### What is needed
From the line that includes "Lemma Qadd_JI (f" to the closing line of the data, please transcribe every line exactly and add nothing.

### Material supplied
Lemma JI_eq_iff (f g : Fun Omega) :
  JI I f = JI I g <-> large (fun l => f l = g l).
Proof.
  pose proof HI as [[H0 [Hadd Hmul]] _].
  assert (Hff : I (fun l => f l - f l)) by (apply pred_ext with (fun _ => 0); auto; intro; ring).
  split.
  - intro H. apply (f_equal (@proj1_sig _ _)) in H.
    pose proof (equal_f H f) as E; simpl in E. rewrite E in Hff.
    exists (fun l => f l - g l); split; auto. intros; lra.
  - intro H. apply large_mono with (T := fun l => f l - g l = 0) in H; [|intros; lra].
    apply large_zero_in_ideal in H.
    apply Quot_eq; simpl. apply functional_extensionality; intro psi.
    apply propositional_extensionality; split; intro Hp.
    + apply pred_ext with (fun l => (psi l - f l) + (f l - g l)); [apply Hadd; auto|].
      intro; ring.
    + apply pred_ext with (fun l => (psi l - g l) + (-1) * (f l - g l)); [apply Hadd; auto|].
      intro; ring.
Qed.

Lemma rep_JI (f : Fun Omega) : large (fun l => rep (JI I f) l = f l).
Proof.
  apply JI_eq_iff. unfold rep.
  destruct (constructive_indefinite_description _ (proj2_sig (JI I f))) as [phi Hphi].
  apply Quot_eq; simpl in *. symmetry; exact Hphi.
Qed.

Lemma JI_rep (x : Quot I) : JI I (rep x) = x.
Proof.
  apply Quot_eq. unfold rep.
  destruct (constructive_indefinite_description _ (proj2_sig x)) as [phi Hphi].
  simpl. auto.
Qed.

Lemma Quot_JI (x : Quot I) : exists f, x = JI I f.
Proof. exists (rep x); symmetry; apply JI_rep. Qed.

Lemma Qadd_JI (f g : Fun Omega) : Qadd (JI I f) (JI I g) = JI I (fun l => f l + g l).
Proof.
  apply JI_eq_iff, (large_mono _ _ (large_and _ _ (rep_JI f) (rep_JI g))).
  intros l [e1 e2]; rewrite e1, e2; auto.
Qed.

Lemma Qmul_JI (f g : Fun Omega) : Qmul (JI I f) (JI I g) = JI I (fun l => f l * g l).
Proof.
  apply JI_eq_iff, (large_mono _ _ (large_and _ _ (rep_JI f) (rep_JI g))).
  intros l [e1 e2]; rewrite e1, e2; auto.
Qed.

Lemma Qopp_JI (f : Fun Omega) : Qopp (JI I f) = JI I (fun l => - f l).
Proof.
  apply JI_eq_iff, (large_mono _ _ (rep_JI f)). intros l e; rewrite e; auto.
Qed.

Lemma JI_invertible (f : Fun Omega) :
  large (fun l => f l <> 0) -> Qmul (JI I f) (JI I (fun l => / f l)) = Qone I.
Proof.
  intros NZ. unfold Qone. rewrite Qmul_JI, JI_eq_iff.
  apply (large_mono _ _ NZ). intros l e; apply Rinv_r; auto.
Qed.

### Answer space
Lemma Qadd_JI (f g : Fun Omega) : Qadd (JI I f) (JI I g) = JI I (fun l => f l + g l).
Proof.
  apply JI_eq_iff, (large_mono _ _ (large_and _ _ (rep_JI f) (rep_JI g))).
  intros l [e1 e2]; rewrite e1, e2; auto.
Qed.

Lemma Qmul_JI (f g : Fun Omega) : Qmul (JI I f) (JI I g) = JI I (fun l => f l * g l).
Proof.
  apply JI_eq_iff, (large_mono _ _ (large_and _ _ (rep_JI f) (rep_JI g))).
  intros l [e1 e2]; rewrite e1, e2; auto.
Qed.

Lemma Qopp_JI (f : Fun Omega) : Qopp (JI I f) = JI I (fun l => - f l).
Proof.
  apply JI_eq_iff, (large_mono _ _ (rep_JI f)). intros l e; rewrite e; auto.
Qed.

Lemma JI_invertible (f : Fun Omega) :
  large (fun l => f l <> 0) -> Qmul (JI I f) (JI I (fun l => / f l)) = Qone I.
Proof.
  intros NZ. unfold Qone. rewrite Qmul_JI, JI_eq_iff.
  apply (large_mono _ _ NZ). intros l e; apply Rinv_r; auto.
Qed.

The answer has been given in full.